A new announcement from the Human Genome Project

The human genome project has reached another landmark, the effective completion of the euchromatic sequence. It's still not 100% done, but the remaining small bits are going to require some new tricks to ferret out. You may recall announcements all over the place back in 2001 that the genome had been sequenced, but that was the draft sequence; 90% of the euchromatic genome was done, but there were still about 150,000 gaps scattered through it. You have to think of this project as something like assembling a colossal jigsaw puzzle—when the draft was done, we had a pretty good idea of the structure of the picture, and maybe had the borders done, but there were still these broad patches of solid colors that hadn't been pieced together yet. At this point, though, most of those have been filled in and the gaps are smaller and sparser.

Some numbers: the completed sequence so far consists of 2,851,330,913 nucleotides. There are only 341 gaps left in the sequence. and 33 of those are in the heterochromatin (the mildly boring, repetitive chunks of the genome, which correspond to those regions of solid color in a jigsaw puzzle), representing 198 megabytes of stuff that still has to be sequenced. In the euchromatin (the more interesting and complex stuff) there are more gaps, 308, but they are much smaller, so only 28 Mb of mystery remains. The total length of the genome is 3.08 Gb, with 2.88 Gb of it in the form of euchromatin.

The new, better defined sequence allows for a more accurate count of total gene number, and that number has dropped once again. We're down to 20-25,000 protein-coding genes. Some may think that knocks us off our pedestal a bit more, but that sounds like plenty to me.
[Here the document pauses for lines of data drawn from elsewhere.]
Lemma expi_neq1 a : 0 < a < pi *+ 2 -> expi a != 1.
Proof.
move=> /andP[a_gt0 a_lt2pi]; apply/negP; rewrite eq_complex /= => /andP[/eqP cos1 /eqP sin0].
have [a_ltpi|pi_lta|a_pi] := ltgtP a pi.
- by move: (@sin_gt0_pi R a); rewrite a_gt0 a_ltpi sin0 ltxx => /(_ isT).
- have : 0 < sin (a - pi) by apply: sin_gt0_pi; rewrite subr_gt0 pi_lta ltrBlDr -mulr2n.
  by rewrite -[sin _]opprK -sinDpi subrK sin0 oppr0 ltxx.
- by move: cos1; rewrite a_pi cospi => /eqP; rewrite -subr_eq0; lra.
Qed.

Variable m : nat.
Hypothesis m_gt0 : (0 < m)%N.

Let m_neq0 : m%:R != 0 :> R.
Proof. by rewrite pnatr_eq0 -lt0n. Qed.

Definition unity_root : C := expi (pi *+ 2 / m%:R).

Lemma unity_rootX k : unity_root ^+ k = expi (pi *+ 2 * (k%:R / m%:R)).
Proof. by rewrite /unity_root expiMn -mulr_natr; congr expi; ring. Qed.

Lemma unity_root_prim : m.-primitive_root unity_root.
Proof.
have unity_root_m : unity_root ^+ m = 1.
  by rewrite unity_rootX divff // mulr1 /expi cos2pi sin2pi.
have [k k_prim k_dvd] := prim_order_exists m_gt0 unity_root_m.
have k_gt0 := prim_order_gt0 k_prim.
suff k_eq : k = m by rewrite -k_eq.
have [k_lt|m_lt|//] := ltngtP k m; last by have := dvdn_leq m_gt0 k_dvd; rewrite leqNgt m_lt.
have pi_gt0 := pi_gt0 R.
have q_gt0 : 0 < k%:R / m%:R :> R by rewrite divr_gt0 ?ltr0n.
have q_lt1 : k%:R / m%:R < 1 :> R by rewrite ltr_pdivrMr ?mul1r ?ltr_nat ?ltr0n.
have : expi (pi *+ 2 * (k%:R / m%:R)) != 1.
  by apply: expi_neq1; rewrite mulr2n; apply/andP; split; nra.
by rewrite -unity_rootX (prim_expr_order k_prim) eqxx.
Qed.

Definition root_opp1 (k : nat) : C := expi (pi / m%:R) * unity_root ^+ k.

Lemma root_opp1X k : root_opp1 k ^+ m = -1.
Proof.
rewrite exprMn -exprM mulnC exprM (prim_expr_order unity_root_prim) expr1n mulr1 expiMn.
have -> : pi / m%:R *+ m = pi :> R by rewrite -mulr_natr divfK.
rewrite /expi cospi sinpi.
by apply/eqP; rewrite eq_complex /= oppr0 !eqxx.
Qed.

Lemma norm_root_opp1 k : `|root_opp1 k| = 1.
Proof. by rewrite normrM normrX !norm_expi expr1n mulr1. Qed.

Let expi_neq0 a : expi a != 0.
Proof. by rewrite -normr_eq0 norm_expi oner_eq0. Qed.

Lemma root_opp1P w : w ^+ m = -1 -> exists2 k, (k < m)%N & w = root_opp1 k.
Proof.
have e_m : expi (pi / m%:R) ^+ m = -1.
  by have := root_opp1X 0; rewrite /root_opp1 expr0 mulr1.
move=> wm; have : (w / expi (pi / m%:R)) ^+ m = 1.
  by rewrite exprMn exprVn wm e_m divrr // unitrN1.
move/(prim_rootP unity_root_prim) => [k wk]; exists k => //.
by rewrite /root_opp1 -wk mulrC divfK.
Qed.

Lemma root_opp1_inj i j : (i < m)%N -> (j < m)%N -> root_opp1 i = root_opp1 j -> i = j.
Proof.
move=> i_lt j_lt /(mulfI (expi_neq0 _)) /eqP.
by rewrite (eq_prim_root_expr unity_root_prim) !modn_small // => /eqP.
Qed.

End RootsOfMinusOne.

Lemma polar_unique (R : numDomainType) (s t a b : R) : 0 < s -> 0 < t ->
  `|a| = 1 -> `|b| = 1 -> s * a = t * b -> a = b.
Proof.
move=> s_gt0 t_gt0 a1 b1 e.
have st : s = t by have := congr1 Num.norm e; rewrite !normrM a1 b1 !mulr1 !gtr0_norm.
by move: e; rewrite st; apply: mulfI; rewrite gt_eqF.
Qed.

Section Parametrisation.
Variables (R : realType) (n : nat).
Local Notation C := (Cplx R).
Local Notation m := n.+2.
Local Notation rc := (real_complex R).

Definition inner (i : 'I_m) := (i != ord0) && (i != ord_max).

Lemma innerE i : inner i = (0 < i < n.+1)%N.
Proof.
rewrite /inner -!(inj_eq val_inj) /= lt0n; congr (_ && _).
by rewrite ltn_neqAle -ltnS ltn_ord andbT.
Qed.

Lemma card_inner : #|inner| = n.
Proof.
have := cardD1 (ord0 : 'I_m) predT; rewrite card_ord !inE add1n => -[n1E].
have := cardD1 (ord_max : 'I_m) [predD1 predT & ord0].
rewrite -n1E !inE /= add1n => -[nE].
by rewrite [RHS]nE; apply: eq_card => i; rewrite !inE /inner andbT andbC.
Qed.

Definition rep (r : 'I_m -> R) : 'rV[C]_m :=
  \row_i (if i == ord0 then - rc (1 + \sum_(j | inner j) r j)
          else if i == ord_max then 1 else rc (r i)).

Definition rep_prod (r : 'I_m -> R) : R :=
  (1 + \sum_(j | inner j) r j) * \prod_(j | inner j) r j.

Definition pos_inner (r : 'I_m -> R) := forall i, inner i -> 0 < r i.

Lemma rep_first r : rep r 0 ord0 = - rc (1 + \sum_(j | inner j) r j).
Proof. by rewrite mxE eqxx. Qed.

Lemma rep_last r : rep r 0 ord_max = 1.
Proof. by rewrite mxE eqxx. Qed.

Lemma rep_inner r i : inner i -> rep r 0 i = rc (r i).
Proof. by case/andP=> i0 imax; rewrite mxE (negbTE i0) (negbTE imax). Qed.

Lemma sum_rep r : \sum_i rep r 0 i = 0.
Proof.
rewrite (bigD1 ord0) //= (bigD1 ord_max) //= rep_first rep_last.
rewrite (eq_bigr (rc \o r)) => [|i /rep_inner//].
by rewrite rmorphD rmorph1 rmorph_sum addNr.
Qed.

Lemma prod_rep r : \prod_i rep r 0 i = - rc (rep_prod r).
Proof.
rewrite (bigD1 ord0) //= (bigD1 ord_max) //= rep_first rep_last.
rewrite (eq_bigr (rc \o r)) => [|i /rep_inner//].
by rewrite /rep_prod rmorphM rmorph_prod mul1r mulNr.
Qed.

Lemma rep_eq_inner r r' : (forall i, inner i -> r i = r' i) -> rep r = rep r'.
Proof.
move=> rr'; apply/rowP => i; rewrite !mxE (eq_bigr _ rr').
by case: ifP => // i0; case: ifP => // imax; rewrite rr' // /inner i0 imax.
Qed.

Lemma rep_prod_eq_inner r r' : (forall i, inner i -> r i = r' i) -> rep_prod r = rep_prod r'.
Proof. by move=> rr'; rewrite /rep_prod (eq_bigr _ rr') (eq_bigr _ rr'). Qed.

Lemma sum_inner_gt0 r : pos_inner r -> 0 < 1 + \sum_(j | inner j) r j.
Proof. by move=> r_gt0; rewrite ltr_pwDl // sumr_ge0 // => i /r_gt0/ltW. Qed.

Lemma rep_prod_gt0 r : pos_inner r -> 0 < rep_prod r.
Proof. by move=> r_gt0; rewrite mulr_gt0 ?sum_inner_gt0 ?prodr_gt0. Qed.

Lemma U1_rep_rep r : pos_inner r -> U1_rep (rep r).
Proof.
move=> r_gt0; split; last split; first split.
- exact: sum_rep.
- move=> i; case: (boolP (inner i)) => [ii|].
    by rewrite rep_inner // eq_complex /= gt_eqF ?r_gt0.
  rewrite negb_and !negbK => /orP[]/eqP->; last by rewrite rep_last oner_eq0.
  by rewrite rep_first oppr_eq0 eq_complex /= gt_eqF ?sum_inner_gt0.
- exact: rep_last.
- move=> i i_gt0 i_lt; have ii : inner i by rewrite innerE i_gt0.
  by exists (r i); rewrite rep_inner ?r_gt0.
Qed.

Lemma U1_repP z : U1_rep z -> exists2 r, pos_inner r & z = rep r.
Proof.
move=> [[z_sum _] [z_last z_inner]].
pose r i := complex.Re (z 0 i).
have zr i : inner i -> z 0 i = rc (r i) /\ 0 < r i.
  rewrite /r innerE => /andP[i_gt0 i_lt]; have [x [x_gt0 ->]] := z_inner i i_gt0 i_lt.
  by split.
exists r => [i /zr[]//|]; apply/rowP => j; rewrite mxE.
case: ifP => [/eqP->|j0].
  move: z_sum; rewrite (bigD1 ord0) //= (bigD1 ord_max) //= z_last.
  rewrite (eq_bigr (rc \o r)) => [|i /zr[]//].
  by move=> /eqP; rewrite addr_eq0 => /eqP->; rewrite rmorphD rmorph1 rmorph_sum.
case: ifP => [/eqP->//|jmax].
have jj : inner j by rewrite /inner j0 jmax.
by have [] := zr j jj.
Qed.

Lemma scale_rep_last l r : (l *: rep r) 0 ord_max = l.
Proof. by rewrite mxE rep_last mulr1. Qed.

Lemma Mbar0_scale_rep l r : Mbar0 (l *: rep r) <-> l ^+ m * rc (rep_prod r) = -1.
Proof.
rewrite /Mbar0 /=.
have -> : \prod_i (l *: rep r) 0 i = - (l ^+ m * rc (rep_prod r)).
  under eq_bigr do rewrite mxE.
  by rewrite big_split /= prodr_const card_ord prod_rep mulrN.
have -> : \sum_i (l *: rep r) 0 i = 0.
  by under eq_bigr do rewrite mxE; rewrite -mulr_sumr sum_rep mulr0.
by split=> [[<-]|->]; rewrite opprK.
Qed.

Lemma scale_neq0 l r : l ^+ m * rc (rep_prod r) = -1 -> l != 0.
Proof.
by apply: contra_eq_neq => ->; rewrite expr0n mul0r eq_sym oppr_eq0 oner_eq0.
Qed.

Lemma preimU1P u : preimU1 u <->
  exists l r, [/\ u = l *: rep r, pos_inner r & l ^+ m * rc (rep_prod r) = -1].
Proof.
split=> [[Mu [l [z [_ [uE /U1_repP[r r_gt0 zE]]]]]]|[l [r [uE r_gt0 lr]]]].
  by exists l, r; split => //; [rewrite uE zE | apply/Mbar0_scale_rep; rewrite -zE -uE].
split; first by rewrite uE; apply/Mbar0_scale_rep.
by exists l, (rep r); split; [exact: scale_neq0 lr | split; last exact: U1_rep_rep].
Qed.

End Parametrisation.

Lemma continuous_real_complex (R : realType) : continuous (fun x : R => (x%:C)%C : Cplx R).
Proof.
move=> x; apply/cvgrPdist_lt => e; rewrite ltcE /= => /andP[/eqP Im_e Re_e_gt0].
near=> y; rewrite -rmorphB normc_def /= expr0n /= addr0 sqrtr_sqr ltcE /= Im_e eqxx /=.
by near: y; apply: cvgr_dist_lt.
Unshelve. all: by end_near. Qed.

Lemma continuous_row (K : numFieldType) (T : topologicalType) m (F : T -> 'rV[K]_m) :
  (forall i, continuous (fun s => F s 0 i)) -> continuous F.
Proof.
move=> F_cont s A [Q Q_nbhs QA].
have : \forall t \near s, forall i j, Q i j (F t i j).
  apply: filter_forall => i; apply: filter_forall => j.
  by rewrite (ord1 i); apply: F_cont; rewrite -(ord1 i).
by apply: filterS => t Qt; apply: QA.
Qed.

Section Sectors.
Variables (R : realType) (n : nat).
Local Notation C := (Cplx R).
Local Notation m := n.+2.
Local Notation rc := (real_complex R).
Local Notation root_opp1 := (@root_opp1 R m).
Local Notation preimU1 := (@preimU1 R n).
Local Notation pos_inner := (@pos_inner R n).

Definition ray (k : nat) : set 'rV[C]_m :=
  [set u | u 0 ord_max = `|u 0 ord_max| * root_opp1 k].

(* the component U_zeta of the paper, for zeta = zeta k below *)
Definition sector (k : nat) := preimU1 `&` ray k.

Lemma preimU1_last_neq0 u : preimU1 u -> u 0 ord_max != 0.
Proof.
by case/preimU1P=> l [r [-> _ lr]]; rewrite scale_rep_last; exact: scale_neq0 lr.
Qed.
One thing that leaps out at anyone reading the announcement is the importance of evolution in analyzing and understanding the genome. They used alignment with the chimpanzee draft sequence, for instance, to search for deletions. They are identifying recent duplications by their degree of divergence from neighboring genes, and have found 1,183 new genes that have arisen since the human and rodent lineages split. They're tracking the death of genes by identifying sequences with small numbers of disabling mutations (we seem to be losing olfactory genes at a rapid clip, relative to rodents).

The bottom line is that the HGP has provided us with a better tool for all kinds of research.

Nonetheless, the euchromatic human genome can now be regarded as effectively known. The accuracy and completeness of the current near-complete human genome sequence has important consequences for biomedical research. It allows systematic searches for the causes of disease—for example, to find all key heritable factors predisposing to diabetes or somatic mutations underlying breast cancer—with confidence that little can escape detection. It facilitates experimental tools to recognize cellular components—for example, detectors for mRNAs based on specific oligonucleotide probes or mass-spectrometric identification of proteins based on specific peptide sequences—with confidence that these features provide a unique signature. It allows sophisticated computational analyses—for example, to study genome structure and evolution—with confidence that subtle results will not be swamped or swayed by noisy data. At a practical level, it eliminates tedious confirmatory work by researchers, who can now rely on highly accurate information. At a conceptual level, the near-complete picture makes it reasonable for the first time to contemplate systems approaches to cellular circuitry, without fear that major components are missing.

International Human Genome Sequencing Consortium (2004) Finishing the euchromatic sequence of the human genome. Nature 431:931-945.